A credit card balance is the amount you owe on your account to the credit card issuer. The balance is calculated by adding up your purchases, unpaid balances, interest charges, and any fees incurred during the billing cycle.
How Will My Balance Appear on My Statement?
- If you owe money to the credit card company, the balance will be a positive number.
- If you do not owe any money or paid the exact amount owed your balance will be zero.
- If you overpaid your bill or were issued a credit after you already paid your bill, your credit card statement will show a negative balance. A negative balance is indicated by a negative number or a number with parenthesis around it.
Reasons for Negative Credit Card Balances
There are a few common scenarios that result in your credit card balance showing up as negative:
- You may have credits applied to your account when you make an overpayment on your account, i.e., paying more than your previous statement balance.

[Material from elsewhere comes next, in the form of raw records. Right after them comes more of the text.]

(* The orbit of the basis row vectors e_1, ..., e_7 (listed first) under right
   multiplication by M_L. *)
Definition orbit_vectors : seq (seq int) :=
  [:: [:: 1; 0; 0; 0; 0; 0; 0]; [:: 0; 1; 0; 0; 0; 0; 0]; [:: 0; 0; 1; 0; 0; 0; 0];
      [:: 0; 0; 0; 1; 0; 0; 0]; [:: 0; 0; 0; 0; 1; 0; 0]; [:: 0; 0; 0; 0; 0; 1; 0];
      [:: 0; 0; 0; 0; 0; 0; 1]; [:: 0; 0; -1; 0; 0; 0; 1]; [:: 0; 0; 0; -1; 0; 0; 1];
      [:: 0; 0; -1; -1; 1; 0; 1]; [:: 0; 0; -1; -1; 0; 1; 1]; [:: 0; -1; 0; 0; 0; 0; 1];
      [:: 0; 0; -1; 0; 0; 1; 0]; [:: 0; 0; 0; -1; 0; 1; 0]; [:: 0; -1; 0; -1; 1; 0; 1];
      [:: 0; 0; -1; -1; 1; 1; 0]; [:: 0; -1; 0; -1; 0; 1; 1]; [:: -1; 0; 0; 0; 0; 0; 1];
      [:: 0; -1; 0; 0; 0; 1; 0]; [:: 0; 0; -1; 0; 1; 0; 0]; [:: 0; 0; 0; -1; 1; 0; 0];
      [:: -1; 0; 0; -1; 1; 0; 1]; [:: 0; -1; -1; 0; 1; 0; 1]; [:: 0; -1; 0; -1; 1; 1; 0];
      [:: -1; 0; 0; -1; 0; 1; 1]; [:: 0; -1; -1; 0; 0; 1; 1]; [:: -1; 0; 0; 0; 0; 1; 0];
      [:: 0; -1; 0; 0; 1; 0; 0]; [:: 0; -1; -1; -1; 0; 1; 1]; [:: -1; 0; -1; 0; 1; 0; 1];
      [:: -1; 0; 0; -1; 1; 1; 0]; [:: 0; -1; -1; 0; 1; 1; 0]; [:: 0; -1; -2; -1; 1; 1; 1];
      [:: -1; 0; -1; 0; 0; 1; 1]; [:: -1; 0; 0; 0; 1; 0; 0]; [:: -1; 0; -1; -1; 0; 1; 1];
      [:: 0; -1; -1; -1; 1; 0; 1]; [:: -1; -1; 0; 0; 1; 0; 1]; [:: -1; 0; -1; 0; 1; 1; 0];
      [:: -1; 0; -2; -1; 1; 1; 1]; [:: 0; -1; -1; -2; 1; 1; 1]; [:: 0; -2; -1; -1; 1; 1; 1];
      [:: -1; -1; 0; 0; 0; 1; 1]; [:: -1; 0; -1; -1; 1; 0; 1]; [:: -1; -1; 0; -1; 0; 1; 1];
      [:: 0; -1; -1; -1; 1; 1; 0]; [:: -1; -1; 0; 0; 1; 1; 0]; [:: -1; -1; -1; -1; 1; 0; 2];
      [:: -1; 0; -1; -2; 1; 1; 1]; [:: -1; -2; 0; -1; 1; 1; 1]; [:: -2; 0; -1; -1; 1; 1; 1];
      [:: -1; -1; -1; -1; 0; 1; 2]; [:: -1; -1; 0; -1; 1; 0; 1]; [:: -1; 0; -1; -1; 1; 1; 0];
      [:: -1; -1; -1; 0; 0; 1; 1]; [:: -1; -1; -2; -2; 1; 1; 2]; [:: -1; -1; -1; -1; 1; 2; 0];
      [:: -1; -1; 0; -2; 1; 1; 1]; [:: -2; -1; 0; -1; 1; 1; 1]; [:: -1; -2; -1; 0; 1; 1; 1];
      [:: -1; -2; -2; -1; 1; 1; 2]; [:: -1; -1; -1; -1; 0; 2; 1]; [:: -1; -1; -1; 0; 1; 0; 1];
      [:: -1; -1; 0; -1; 1; 1; 0]; [:: -1; -2; -1; -2; 1; 1; 2]; [:: -1; -1; -2; -2; 1; 2; 1];
      [:: -1; -1; -1; -1; 2; 1; 0]; [:: -1; -1; -2; 0; 1; 1; 1]; [:: -2; -1; -1; 0; 1; 1; 1];
      [:: -2; -1; -2; -1; 1; 1; 2]; [:: -1; -2; -2; -1; 1; 2; 1]; [:: -1; -1; -1; -1; 2; 0; 1];
      [:: -1; -1; -1; 0; 1; 1; 0]; [:: -1; -1; -2; -1; 1; 1; 1]; [:: -2; -1; -1; -2; 1; 1; 2];
      [:: -1; -2; -1; -2; 1; 2; 1]; [:: -1; -1; -2; -2; 2; 1; 1]; [:: -2; -2; -1; -1; 1; 1; 2];
      [:: -2; -1; -2; -1; 1; 2; 1]; [:: -1; -2; -2; -1; 2; 1; 1]; [:: -1; -1; -1; -2; 1; 1; 1];
      [:: -1; -2; -1; -1; 1; 1; 1]; [:: -2; -1; -1; -2; 1; 2; 1]; [:: -1; -2; -1; -2; 2; 1; 1];
      [:: -2; -2; -1; -1; 1; 2; 1]; [:: -2; -1; -2; -1; 2; 1; 1]; [:: -2; -1; -1; -1; 1; 1; 1];
      [:: -2; -1; -1; -2; 2; 1; 1]; [:: -2; -2; -1; -1; 2; 1; 1]; [:: -2; -2; -2; -2; 1; 2; 2];
      [:: -2; -2; -2; -2; 2; 1; 2]; [:: -2; -2; -2; -2; 2; 2; 1]]%Z.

- Some cash back rewards cards automatically apply your cash back as a statement credit, while others require you to redeem cash back rewards for statement credits. Either way, if you rewards exceed your balance in a given period, your credit card balance will show as negative.
- You returned something to a store and the return was processed by your credit card company after the billing period closed.
- You receive some other type of refund, such as fraudulent charges or refunded credit card fees.
A common reason for cardholders to overpay their balance is that their credit card balance may vary from day to day. For example, if you have a statement balance of $1000, pay $1000, and then are issued a credit of $200 for a returned item, you will have a $200 credit balance, shown on your statement as -$200 or ($200).
If you know that a credit will be applied to your account, or a store return will be processed around the time you plan to pay your bill, you can avoid overpaying by checking your current balance online or over the phone to determine whether the credit has been processed.
What Should You Do About a Negative Balance?
You have two options here. First, you can leave it in your account and it will be applied as a credit towards future purchases, which if you plan on continuing to use your card is the easiest option.
Pro Tip: A negative balance does not mean a higher spending limit!
While it may be a nice surprise for your current month’s budget, your credit limit remains the same as it was before.
Your second option is to request a refund from your credit card company, which will require calling the number on the back of your credit card. Some banks may require a written request, and once they receive that, the law states that they have 7 business days to send you a refund check.
How Long Will a Negative Balance Remain on My Account?
A negative balance remains as a credit on your account until:
- You charge an amount that offsets the credit, or
- The credit card company sends you a check for the credit
Will a Negative Balance Affect My Credit Score?
Technically, yes, as it reduces your credit utilization by the amount that you’re negative, and as we all know, maintaining low credit utilization is key to keeping your credit score high. That said, negative balances are typically small and resolved relatively quickly, so it won’t have a lasting effect on your credit score.